* **Collected data**:
________________________________________
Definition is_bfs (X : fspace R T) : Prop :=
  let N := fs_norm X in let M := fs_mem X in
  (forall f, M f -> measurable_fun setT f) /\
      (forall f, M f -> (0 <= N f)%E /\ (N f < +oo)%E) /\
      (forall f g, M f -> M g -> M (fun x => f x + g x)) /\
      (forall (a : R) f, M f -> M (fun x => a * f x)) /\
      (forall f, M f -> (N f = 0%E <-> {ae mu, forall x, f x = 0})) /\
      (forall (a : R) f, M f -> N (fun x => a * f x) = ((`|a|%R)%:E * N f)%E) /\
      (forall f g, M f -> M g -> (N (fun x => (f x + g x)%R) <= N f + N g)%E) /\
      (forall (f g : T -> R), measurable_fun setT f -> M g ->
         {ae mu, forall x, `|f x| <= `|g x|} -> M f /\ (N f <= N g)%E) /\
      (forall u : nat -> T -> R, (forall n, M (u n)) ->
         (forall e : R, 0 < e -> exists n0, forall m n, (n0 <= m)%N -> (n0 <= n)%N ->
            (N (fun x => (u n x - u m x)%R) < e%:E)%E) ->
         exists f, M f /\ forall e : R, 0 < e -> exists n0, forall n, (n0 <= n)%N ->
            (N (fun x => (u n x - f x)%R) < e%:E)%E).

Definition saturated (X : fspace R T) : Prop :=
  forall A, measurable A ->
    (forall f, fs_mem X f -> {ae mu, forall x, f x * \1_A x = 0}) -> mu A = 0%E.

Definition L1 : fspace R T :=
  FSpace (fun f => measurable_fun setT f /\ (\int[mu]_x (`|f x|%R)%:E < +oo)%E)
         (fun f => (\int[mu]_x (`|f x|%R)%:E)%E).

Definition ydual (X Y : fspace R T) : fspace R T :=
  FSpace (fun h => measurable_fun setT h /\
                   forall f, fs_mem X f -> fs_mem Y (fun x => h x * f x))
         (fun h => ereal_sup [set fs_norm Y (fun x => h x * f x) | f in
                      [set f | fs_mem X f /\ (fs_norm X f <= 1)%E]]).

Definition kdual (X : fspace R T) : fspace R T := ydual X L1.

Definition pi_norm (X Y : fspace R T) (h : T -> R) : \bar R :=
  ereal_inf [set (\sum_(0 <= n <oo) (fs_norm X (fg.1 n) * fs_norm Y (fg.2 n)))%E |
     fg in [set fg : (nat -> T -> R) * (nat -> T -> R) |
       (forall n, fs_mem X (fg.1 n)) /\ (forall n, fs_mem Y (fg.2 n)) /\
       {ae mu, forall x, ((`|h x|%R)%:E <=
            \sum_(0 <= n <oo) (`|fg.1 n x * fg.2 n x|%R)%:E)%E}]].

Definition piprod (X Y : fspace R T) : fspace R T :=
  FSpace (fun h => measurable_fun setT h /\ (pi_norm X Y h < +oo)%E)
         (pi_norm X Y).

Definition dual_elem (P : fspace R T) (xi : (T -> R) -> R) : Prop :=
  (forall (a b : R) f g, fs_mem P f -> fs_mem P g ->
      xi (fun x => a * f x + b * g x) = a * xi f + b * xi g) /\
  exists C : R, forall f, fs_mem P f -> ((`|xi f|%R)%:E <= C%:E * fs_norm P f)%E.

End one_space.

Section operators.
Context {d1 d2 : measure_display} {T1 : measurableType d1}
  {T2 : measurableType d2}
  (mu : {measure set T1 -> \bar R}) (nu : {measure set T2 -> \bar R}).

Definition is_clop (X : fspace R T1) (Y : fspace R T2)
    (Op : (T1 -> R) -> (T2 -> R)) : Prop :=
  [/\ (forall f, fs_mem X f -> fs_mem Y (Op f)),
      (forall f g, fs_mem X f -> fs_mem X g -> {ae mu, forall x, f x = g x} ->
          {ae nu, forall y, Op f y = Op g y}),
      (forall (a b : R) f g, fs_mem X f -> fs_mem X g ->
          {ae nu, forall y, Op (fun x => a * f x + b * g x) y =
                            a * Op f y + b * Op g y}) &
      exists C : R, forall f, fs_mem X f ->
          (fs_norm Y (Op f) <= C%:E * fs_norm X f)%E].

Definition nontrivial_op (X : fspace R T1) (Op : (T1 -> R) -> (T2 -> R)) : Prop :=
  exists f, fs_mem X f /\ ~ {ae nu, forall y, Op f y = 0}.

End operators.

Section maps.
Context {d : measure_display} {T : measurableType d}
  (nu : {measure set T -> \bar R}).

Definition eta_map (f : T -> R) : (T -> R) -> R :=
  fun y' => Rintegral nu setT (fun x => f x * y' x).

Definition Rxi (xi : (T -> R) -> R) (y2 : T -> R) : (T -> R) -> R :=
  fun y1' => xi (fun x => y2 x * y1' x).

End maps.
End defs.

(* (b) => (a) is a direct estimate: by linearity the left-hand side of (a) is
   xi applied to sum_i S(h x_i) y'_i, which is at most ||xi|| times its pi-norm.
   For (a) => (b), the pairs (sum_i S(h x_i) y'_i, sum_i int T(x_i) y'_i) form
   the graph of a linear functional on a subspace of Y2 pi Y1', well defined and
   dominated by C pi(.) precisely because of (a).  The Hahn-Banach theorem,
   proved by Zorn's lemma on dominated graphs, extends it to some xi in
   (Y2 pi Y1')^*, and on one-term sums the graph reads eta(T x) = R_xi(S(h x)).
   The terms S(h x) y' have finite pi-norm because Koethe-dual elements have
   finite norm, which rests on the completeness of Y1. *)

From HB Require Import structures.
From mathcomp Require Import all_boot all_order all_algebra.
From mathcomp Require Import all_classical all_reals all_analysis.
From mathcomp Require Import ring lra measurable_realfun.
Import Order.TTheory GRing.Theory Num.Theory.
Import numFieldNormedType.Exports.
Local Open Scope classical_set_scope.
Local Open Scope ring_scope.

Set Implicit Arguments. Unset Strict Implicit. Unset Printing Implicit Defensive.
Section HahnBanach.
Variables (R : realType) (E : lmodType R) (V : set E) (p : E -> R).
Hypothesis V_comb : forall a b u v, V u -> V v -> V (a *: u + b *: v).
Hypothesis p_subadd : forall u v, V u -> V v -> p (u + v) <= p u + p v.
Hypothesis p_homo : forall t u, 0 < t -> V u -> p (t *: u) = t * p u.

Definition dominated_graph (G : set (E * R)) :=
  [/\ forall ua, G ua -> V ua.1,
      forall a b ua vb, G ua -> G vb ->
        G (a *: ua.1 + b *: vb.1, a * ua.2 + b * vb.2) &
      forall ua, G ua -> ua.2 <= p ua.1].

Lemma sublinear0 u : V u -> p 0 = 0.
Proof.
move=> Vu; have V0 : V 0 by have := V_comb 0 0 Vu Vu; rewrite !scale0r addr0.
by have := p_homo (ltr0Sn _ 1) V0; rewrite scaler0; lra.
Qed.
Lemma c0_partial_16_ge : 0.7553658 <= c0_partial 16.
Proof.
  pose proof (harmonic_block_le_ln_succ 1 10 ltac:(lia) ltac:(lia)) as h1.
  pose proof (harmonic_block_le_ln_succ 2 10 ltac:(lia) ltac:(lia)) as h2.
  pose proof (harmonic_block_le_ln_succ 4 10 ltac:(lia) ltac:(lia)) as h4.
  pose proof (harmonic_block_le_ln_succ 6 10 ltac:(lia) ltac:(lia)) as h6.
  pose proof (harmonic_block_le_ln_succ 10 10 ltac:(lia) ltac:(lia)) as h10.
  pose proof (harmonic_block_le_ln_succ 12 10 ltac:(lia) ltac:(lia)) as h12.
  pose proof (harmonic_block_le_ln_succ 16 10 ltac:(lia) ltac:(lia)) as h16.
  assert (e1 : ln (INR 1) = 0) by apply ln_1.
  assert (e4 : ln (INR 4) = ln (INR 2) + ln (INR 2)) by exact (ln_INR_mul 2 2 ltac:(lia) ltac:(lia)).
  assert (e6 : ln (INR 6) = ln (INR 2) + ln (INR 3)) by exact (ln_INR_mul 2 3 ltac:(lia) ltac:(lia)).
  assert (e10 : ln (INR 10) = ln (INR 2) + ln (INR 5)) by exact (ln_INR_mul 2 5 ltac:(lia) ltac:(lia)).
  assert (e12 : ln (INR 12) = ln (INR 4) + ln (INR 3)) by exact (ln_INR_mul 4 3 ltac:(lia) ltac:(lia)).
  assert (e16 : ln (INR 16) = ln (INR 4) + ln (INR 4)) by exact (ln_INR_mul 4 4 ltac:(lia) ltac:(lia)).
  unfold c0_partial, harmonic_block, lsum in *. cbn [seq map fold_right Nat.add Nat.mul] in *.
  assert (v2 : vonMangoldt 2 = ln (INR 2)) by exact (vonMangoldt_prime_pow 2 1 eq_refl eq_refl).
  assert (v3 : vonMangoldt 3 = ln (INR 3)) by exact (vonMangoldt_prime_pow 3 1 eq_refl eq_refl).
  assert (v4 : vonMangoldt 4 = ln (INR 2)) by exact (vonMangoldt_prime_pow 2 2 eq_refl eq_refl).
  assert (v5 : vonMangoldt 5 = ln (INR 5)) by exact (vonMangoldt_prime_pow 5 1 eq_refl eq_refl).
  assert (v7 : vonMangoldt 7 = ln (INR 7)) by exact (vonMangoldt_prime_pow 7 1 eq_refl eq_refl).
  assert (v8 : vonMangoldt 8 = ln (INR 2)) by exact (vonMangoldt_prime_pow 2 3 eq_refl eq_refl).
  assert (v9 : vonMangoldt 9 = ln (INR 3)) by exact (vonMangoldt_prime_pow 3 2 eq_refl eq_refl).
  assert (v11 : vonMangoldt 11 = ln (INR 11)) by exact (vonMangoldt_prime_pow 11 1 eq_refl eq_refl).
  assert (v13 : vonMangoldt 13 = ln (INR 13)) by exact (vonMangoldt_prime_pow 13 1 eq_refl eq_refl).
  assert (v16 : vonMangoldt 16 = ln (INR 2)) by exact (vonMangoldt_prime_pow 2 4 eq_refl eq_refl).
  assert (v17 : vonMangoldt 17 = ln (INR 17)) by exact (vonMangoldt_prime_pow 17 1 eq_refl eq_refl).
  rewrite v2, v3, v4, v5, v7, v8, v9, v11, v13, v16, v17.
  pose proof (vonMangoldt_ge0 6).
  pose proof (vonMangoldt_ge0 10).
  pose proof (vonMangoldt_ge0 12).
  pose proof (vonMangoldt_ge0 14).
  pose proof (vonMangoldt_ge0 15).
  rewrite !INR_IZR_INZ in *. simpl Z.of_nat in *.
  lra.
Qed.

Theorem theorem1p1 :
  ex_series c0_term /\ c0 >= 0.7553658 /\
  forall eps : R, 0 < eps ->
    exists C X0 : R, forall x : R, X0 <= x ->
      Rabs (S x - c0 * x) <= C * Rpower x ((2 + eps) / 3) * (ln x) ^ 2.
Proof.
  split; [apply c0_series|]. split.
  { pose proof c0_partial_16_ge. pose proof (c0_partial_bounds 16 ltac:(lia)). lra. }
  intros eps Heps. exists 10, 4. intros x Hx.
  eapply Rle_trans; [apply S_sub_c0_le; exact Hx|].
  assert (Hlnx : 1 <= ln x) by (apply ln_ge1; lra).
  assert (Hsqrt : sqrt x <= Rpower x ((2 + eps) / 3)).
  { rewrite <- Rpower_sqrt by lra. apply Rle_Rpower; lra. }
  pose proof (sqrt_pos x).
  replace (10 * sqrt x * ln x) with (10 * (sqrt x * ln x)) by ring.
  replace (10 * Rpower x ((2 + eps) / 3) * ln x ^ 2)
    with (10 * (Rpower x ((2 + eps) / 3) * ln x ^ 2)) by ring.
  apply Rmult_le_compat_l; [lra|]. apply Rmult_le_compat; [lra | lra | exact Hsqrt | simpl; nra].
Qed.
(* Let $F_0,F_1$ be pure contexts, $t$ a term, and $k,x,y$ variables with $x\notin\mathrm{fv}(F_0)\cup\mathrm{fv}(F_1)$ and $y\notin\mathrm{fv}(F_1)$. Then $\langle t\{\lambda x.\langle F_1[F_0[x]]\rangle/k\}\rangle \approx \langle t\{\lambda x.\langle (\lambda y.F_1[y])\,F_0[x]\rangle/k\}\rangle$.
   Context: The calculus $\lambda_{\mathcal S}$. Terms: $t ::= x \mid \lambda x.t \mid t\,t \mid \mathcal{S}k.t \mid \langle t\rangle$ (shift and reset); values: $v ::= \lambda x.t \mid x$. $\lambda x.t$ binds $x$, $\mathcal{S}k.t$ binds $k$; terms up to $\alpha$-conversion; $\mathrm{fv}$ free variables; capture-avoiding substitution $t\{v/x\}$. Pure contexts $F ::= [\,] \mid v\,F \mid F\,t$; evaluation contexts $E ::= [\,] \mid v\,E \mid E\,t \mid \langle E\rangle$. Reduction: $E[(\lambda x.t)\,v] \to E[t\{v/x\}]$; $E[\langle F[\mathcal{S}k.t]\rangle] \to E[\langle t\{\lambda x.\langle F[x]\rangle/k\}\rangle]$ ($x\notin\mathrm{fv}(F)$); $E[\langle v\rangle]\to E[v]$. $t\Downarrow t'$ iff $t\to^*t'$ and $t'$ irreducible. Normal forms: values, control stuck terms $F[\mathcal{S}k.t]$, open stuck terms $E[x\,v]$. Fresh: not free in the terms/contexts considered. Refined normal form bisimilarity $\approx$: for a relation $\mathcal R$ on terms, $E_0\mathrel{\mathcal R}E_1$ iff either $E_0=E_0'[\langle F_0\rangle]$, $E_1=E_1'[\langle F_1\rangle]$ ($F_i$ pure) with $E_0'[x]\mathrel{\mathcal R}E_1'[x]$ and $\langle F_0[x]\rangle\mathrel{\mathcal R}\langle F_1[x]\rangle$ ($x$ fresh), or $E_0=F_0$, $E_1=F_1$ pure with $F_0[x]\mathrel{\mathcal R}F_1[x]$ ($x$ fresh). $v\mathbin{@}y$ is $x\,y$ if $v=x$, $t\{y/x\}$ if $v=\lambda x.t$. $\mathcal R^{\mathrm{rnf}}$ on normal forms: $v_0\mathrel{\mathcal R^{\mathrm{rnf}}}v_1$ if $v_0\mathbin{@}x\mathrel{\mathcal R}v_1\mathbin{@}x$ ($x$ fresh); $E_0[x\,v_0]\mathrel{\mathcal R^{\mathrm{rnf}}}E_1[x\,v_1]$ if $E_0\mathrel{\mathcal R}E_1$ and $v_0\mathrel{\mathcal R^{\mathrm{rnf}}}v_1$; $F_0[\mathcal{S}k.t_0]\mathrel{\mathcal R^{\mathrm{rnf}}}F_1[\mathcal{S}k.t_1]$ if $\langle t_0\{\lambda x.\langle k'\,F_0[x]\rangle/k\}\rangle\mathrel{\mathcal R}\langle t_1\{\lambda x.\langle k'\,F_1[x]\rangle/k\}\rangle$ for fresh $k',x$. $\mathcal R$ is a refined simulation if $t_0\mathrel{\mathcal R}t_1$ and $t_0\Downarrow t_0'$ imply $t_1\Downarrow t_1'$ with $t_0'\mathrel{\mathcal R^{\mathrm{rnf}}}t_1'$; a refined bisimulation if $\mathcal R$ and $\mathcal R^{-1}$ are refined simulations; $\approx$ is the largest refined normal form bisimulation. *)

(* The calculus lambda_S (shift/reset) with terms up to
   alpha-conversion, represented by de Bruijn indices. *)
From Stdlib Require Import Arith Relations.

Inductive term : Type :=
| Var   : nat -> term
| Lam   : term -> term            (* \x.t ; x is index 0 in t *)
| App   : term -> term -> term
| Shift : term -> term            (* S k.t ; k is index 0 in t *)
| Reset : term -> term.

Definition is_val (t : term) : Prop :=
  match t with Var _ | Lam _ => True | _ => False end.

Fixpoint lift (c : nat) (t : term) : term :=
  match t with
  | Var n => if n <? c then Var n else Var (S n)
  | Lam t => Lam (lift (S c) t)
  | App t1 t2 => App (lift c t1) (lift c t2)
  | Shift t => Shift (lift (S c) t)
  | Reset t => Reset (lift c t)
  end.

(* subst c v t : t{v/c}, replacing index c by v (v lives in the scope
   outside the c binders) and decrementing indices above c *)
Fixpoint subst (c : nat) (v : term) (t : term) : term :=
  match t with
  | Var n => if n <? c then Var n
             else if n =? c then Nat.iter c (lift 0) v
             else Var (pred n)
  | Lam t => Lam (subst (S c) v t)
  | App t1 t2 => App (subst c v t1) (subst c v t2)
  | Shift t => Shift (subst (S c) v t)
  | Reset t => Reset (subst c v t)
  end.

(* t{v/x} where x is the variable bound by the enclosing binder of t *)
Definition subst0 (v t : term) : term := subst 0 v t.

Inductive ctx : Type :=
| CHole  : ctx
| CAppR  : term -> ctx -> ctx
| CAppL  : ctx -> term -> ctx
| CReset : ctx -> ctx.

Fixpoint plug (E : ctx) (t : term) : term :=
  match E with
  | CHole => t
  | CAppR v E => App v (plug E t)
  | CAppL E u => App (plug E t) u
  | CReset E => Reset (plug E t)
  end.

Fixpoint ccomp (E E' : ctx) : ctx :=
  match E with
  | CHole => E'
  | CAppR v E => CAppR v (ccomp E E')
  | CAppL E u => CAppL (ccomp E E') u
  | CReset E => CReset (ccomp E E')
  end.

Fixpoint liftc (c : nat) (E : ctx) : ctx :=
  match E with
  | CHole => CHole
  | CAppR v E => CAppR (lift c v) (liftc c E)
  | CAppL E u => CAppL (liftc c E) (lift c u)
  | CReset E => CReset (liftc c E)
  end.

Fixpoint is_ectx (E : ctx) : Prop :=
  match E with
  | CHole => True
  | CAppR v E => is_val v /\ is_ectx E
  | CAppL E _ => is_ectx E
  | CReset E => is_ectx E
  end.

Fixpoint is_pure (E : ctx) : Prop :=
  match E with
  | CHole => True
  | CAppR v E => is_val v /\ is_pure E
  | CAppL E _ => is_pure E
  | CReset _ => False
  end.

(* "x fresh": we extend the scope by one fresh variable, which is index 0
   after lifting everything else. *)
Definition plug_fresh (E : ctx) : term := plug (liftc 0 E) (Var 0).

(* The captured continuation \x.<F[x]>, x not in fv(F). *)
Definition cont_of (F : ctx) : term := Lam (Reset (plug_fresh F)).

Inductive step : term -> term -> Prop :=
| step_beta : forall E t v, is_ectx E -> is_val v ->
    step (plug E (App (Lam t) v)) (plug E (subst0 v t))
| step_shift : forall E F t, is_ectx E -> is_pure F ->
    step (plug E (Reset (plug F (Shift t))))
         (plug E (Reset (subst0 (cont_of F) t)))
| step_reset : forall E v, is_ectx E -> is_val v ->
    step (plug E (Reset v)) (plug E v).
________________________________________
* **PROMPT**: Write out exactly the lines that fall from the line with "End operators." to the line with "proved by Zorn's" in the records above, keeping both ends.

* **ANSWER SPACE**:
End operators.

Section maps.
Context {d : measure_display} {T : measurableType d}
  (nu : {measure set T -> \bar R}).

Definition eta_map (f : T -> R) : (T -> R) -> R :=
  fun y' => Rintegral nu setT (fun x => f x * y' x).

Definition Rxi (xi : (T -> R) -> R) (y2 : T -> R) : (T -> R) -> R :=
  fun y1' => xi (fun x => y2 x * y1' x).

End maps.
End defs.

(* (b) => (a) is a direct estimate: by linearity the left-hand side of (a) is
   xi applied to sum_i S(h x_i) y'_i, which is at most ||xi|| times its pi-norm.
   For (a) => (b), the pairs (sum_i S(h x_i) y'_i, sum_i int T(x_i) y'_i) form
   the graph of a linear functional on a subspace of Y2 pi Y1', well defined and
   dominated by C pi(.) precisely because of (a).  The Hahn-Banach theorem,
   proved by Zorn's lemma on dominated graphs, extends it to some xi in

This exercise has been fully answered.